[Dataset entries]
---

(* The coefficient of [e] in [P(partial) (D^`M[m])] is [C / e!] times the
   pairing below, since all monomials of [D] have factorial weight [C]. *)
Lemma diffop_mderivm_eq0 P D m C :
  (forall e, D@_e != 0 -> mfact e = C) ->
  (forall e, mpair (fun u => D@_(m + e + u)%MM) P = 0) ->
  diffop P (D^`M[m]) = 0.
Proof.
move=> mfact_supp pairing_eq0; apply/mpolyP => e; rewrite mcoeff0.
have mfact_e_neq0 : (mfact e)%:R != 0 :> rat by rewrite pnatr_eq0 -lt0n mfact_gt0.
apply: (mulIf mfact_e_neq0); rewrite mul0r /diffop raddf_sum mulr_suml /=.
transitivity (\sum_(u <- msupp P) P@_u * D@_(m + e + u)%MM * C%:R).
  apply: eq_bigr => u _; rewrite mcoeffZ -!mulrA !mulr_natr -mderivmDm.
  rewrite mcoeff_mderivm_mfact -addmA [(u + e)%MM]addmC addmA.
  have [->|neq0] := eqVneq (D@_(m + e + u)%MM) 0; first by rewrite !mul0rn.
  by rewrite mfact_supp.
by rewrite -big_distrl /= -[X in X * _]/(mpair _ P) pairing_eq0 mul0r.
Qed.

End RationalCoefficients.

(** * The determinant Delta_mu on the grid *)

Lemma big_ord_addnn (R : Type) (idx : R) (op : Monoid.com_law idx) N (F : 'I_(N + N) -> R) :
  \big[op/idx]_ii F ii = \big[op/idx]_r op (F (lshift N r)) (F (rshift N r)).
Proof. by rewrite big_split_ord big_split. Qed.

Section CellDeterminant.
Variables (N : nat) (c : 'I_N -> nat * nat).

Definition cell_mx : 'M[{mpoly rat[N + N]}]_N :=
  \matrix_(r < N, t < N) ('X_(lshift N r) ^+ (c t).1 * 'X_(rshift N r) ^+ (c t).2).

(* The exponent of the term of [\det cell_mx] indexed by [s]: variable [r]
   receives the cell [c (s r)]. *)
Definition perm_mnm (s : 'S_N) : 'X_{1..N + N} :=
  [multinom match split ii with inl r => (c (s r)).1 | inr r => (c (s r)).2 end
  | ii < N + N].

Lemma perm_mnm_lshift s r : perm_mnm s (lshift N r) = (c (s r)).1.
Proof. by rewrite mnmE (unsplitK (inl r)). Qed.

Lemma perm_mnm_rshift s r : perm_mnm s (rshift N r) = (c (s r)).2.
Proof. by rewrite mnmE (unsplitK (inr r)). Qed.

Definition cell_deg : nat := \sum_t ((c t).1 + (c t).2).
Definition cell_fact : nat := \prod_t ((c t).1`! * (c t).2`!).

Lemma mdeg_perm_mnm s : mdeg (perm_mnm s) = cell_deg.
Proof.
rewrite mdegE big_ord_addnn; under eq_bigr => r _ do rewrite perm_mnm_lshift perm_mnm_rshift.
by rewrite [RHS](reindex_inj (@perm_inj _ s)).
Qed.

Lemma mfact_perm_mnm s : mfact (perm_mnm s) = cell_fact.
Proof.
rewrite /mfact big_ord_addnn; under eq_bigr => r _ do rewrite perm_mnm_lshift perm_mnm_rshift.
by rewrite [RHS](reindex_inj (@perm_inj _ s)).
Qed.

Lemma mcoeff_det_cell_mx m :
  (\det cell_mx)@_m = \sum_(s : 'S_N) (-1) ^+ s * (perm_mnm s == m)%:R.
Proof.
rewrite raddf_sum; apply: eq_bigr => s _.
have -> : \prod_r cell_mx r (s r) = 'X_[perm_mnm s].
  rewrite mpolyXE_id big_ord_addnn; apply: eq_bigr => r _.
  by rewrite mxE perm_mnm_lshift perm_mnm_rshift.
by rewrite /= -(rmorph_sign (@mpolyC _ rat)) mul_mpolyC mcoeffZ mcoeffX.
Qed.

Lemma mcoeff_det_cell_mx_eq0 m : mdeg m != cell_deg -> (\det cell_mx)@_m = 0.
Proof.
move=> neq_deg; rewrite mcoeff_det_cell_mx big1 // => s _.
by case: eqP => [eq_m|]; [move: neq_deg; rewrite -eq_m mdeg_perm_mnm eqxx | rewrite mulr0].
Qed.

Lemma mfact_supp_det_cell_mx m : (\det cell_mx)@_m != 0 -> mfact m = cell_fact.
Proof.
rewrite mcoeff_det_cell_mx => neq0.
have [s /eqP <-] : exists s, perm_mnm s == m.
  apply/existsP; apply: contraR neq0; rewrite negb_exists => /forallP no_s.
  by apply/eqP/big1 => s _; rewrite (negPf (no_s s)) mulr0.
exact: mfact_perm_mnm.
Qed.

End CellDeterminant.

Section GridExpansion.
Variables (N : nat) (c : 'I_N -> nat * nat) (alpha beta : nat -> rat) (h w : nat).
Hypothesis c_row_lt : forall t, ((c t).1 < h)%N.
Hypothesis c_col_lt : forall t, ((c t).2 < w)%N.
Hypothesis alpha_inj : forall a b, (a < h)%N -> (b < h)%N -> alpha a = alpha b -> a = b.
Hypothesis beta_inj : forall a b, (a < w)%N -> (b < w)%N -> beta a = beta b -> a = b.
Variable l : 'X_{1..N + N}.
Local Notation B := (h + w)%N.

Definition nodes (ii : 'I_(N + N)) : nat -> rat := if (ii < N)%N then alpha else beta.

Lemma nodes_lshift r : nodes (lshift N r) = alpha.
Proof. by rewrite /nodes /= ltn_ord. Qed.

Lemma nodes_rshift r : nodes (rshift N r) = beta.
Proof. by rewrite /nodes /= ltnNge leq_addr. Qed.

Implicit Types (z : {ffun 'I_(N + N) -> 'I_B}) (K : 'X_{1..N + N}).

Definition grid_point z ii : rat := nodes ii (z ii).

Definition grid_cell z r : nat * nat := (z (lshift N r) : nat, z (rshift N r) : nat).

Definition ddiff_mx z : 'M[rat]_N := \matrix_(r, t)
  (ddiff_weight alpha (c t).1 (grid_cell z r).1 * ddiff_weight beta (c t).2 (grid_cell z r).2).

Definition newton_factor z K r : rat :=
  newton_prod alpha (l (lshift N r)) (grid_cell z r).1 *
    alpha (grid_cell z r).1 ^+ K (lshift N r) *
  (newton_prod beta (l (rshift N r)) (grid_cell z r).2 *
    beta (grid_cell z r).2 ^+ K (rshift N r)).

Lemma alternating_grid_weight z K :
  \sum_(s : 'S_N) (-1) ^+ s * \prod_ii (ddiff_weight (nodes ii) (perm_mnm c s ii) (z ii) *
        newton_prod (nodes ii) (l ii) (z ii) * nodes ii (z ii) ^+ K ii)
  = (\prod_r newton_factor z K r) * \det (ddiff_mx z).
Proof.
rewrite mulr_sumr; apply: eq_bigr => s _; rewrite mulrCA; congr (_ * _).
rewrite big_ord_addnn -big_split /=; apply: eq_bigr => r _.
by rewrite perm_mnm_lshift perm_mnm_rshift nodes_lshift nodes_rshift mxE /newton_factor; ring.
Qed.

Lemma perm_mnm_lt s ii : (perm_mnm c s ii < B)%N.
Proof.
rewrite -[ii]splitK; case: (split ii) => r /=.
  by rewrite perm_mnm_lshift ltn_addr.
by rewrite perm_mnm_rshift ltn_addl.
Qed.

Lemma nodes_inj_perm_mnm s ii a b :
  (a < (perm_mnm c s ii).+1)%N -> (b < (perm_mnm c s ii).+1)%N ->
  nodes ii a = nodes ii b -> a = b.
Proof.
rewrite -[ii]splitK; case: (split ii) => r /=.
  rewrite perm_mnm_lshift nodes_lshift => lt_a lt_b.
  exact: alpha_inj (leq_trans lt_a (c_row_lt _)) (leq_trans lt_b (c_row_lt _)).
rewrite perm_mnm_rshift nodes_rshift => lt_a lt_b.
exact: beta_inj (leq_trans lt_a (c_col_lt _)) (leq_trans lt_b (c_col_lt _)).
Qed.

(* Each coefficient of [\det cell_mx] is an alternating sum of monomial
   indicators, and each indicator is a divided difference over the grid. *)
Lemma mcoeff_det_cell_mx_grid (g : {mpoly rat[N + N]}) K :
  (forall u, u \in msupp g -> (mdeg l + mdeg K + mdeg u <= cell_deg c)%N) ->
  \sum_(u <- msupp g) g@_u * (\det (cell_mx c))@_(l + K + u)
  = \sum_z g.@[grid_point z] * ((\prod_r newton_factor z K r) * \det (ddiff_mx z)).
Proof.
move=> deg_g; under eq_bigr => u _ do rewrite mcoeff_det_cell_mx mulr_sumr.
rewrite exchange_big /=.
under eq_bigr => s _.
  under eq_bigr => u _ do rewrite mulrCA eq_sym.
  rewrite -mulr_sumr -(mddiff_meval (perm_mnm_lt s) (@nodes_inj_perm_mnm s)); last first.
    by move=> u /deg_g; rewrite mdeg_perm_mnm.
  rewrite mulr_sumr.
over.
rewrite exchange_big /=; apply: eq_bigr => z _.
rewrite -alternating_grid_weight mulr_sumr; apply: eq_bigr => s _.
by rewrite mulrA mulrC.
Qed.

End GridExpansion.

(** * Vanishing on the grid *)

Section Small.
Variables (n N : nat).
Implicit Types (P Q : {mpoly rat[N + N]}).

Lemma small0 : small n (0 : {mpoly rat[N + N]}).
Proof. by move=> m; rewrite msupp0. Qed.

---

## What is required
All lines of the records above that contain the word "mnmE" are to be copied out.

## Exercise answer
Proof. by rewrite mnmE (unsplitK (inl r)). Qed.
Proof. by rewrite mnmE (unsplitK (inr r)). Qed.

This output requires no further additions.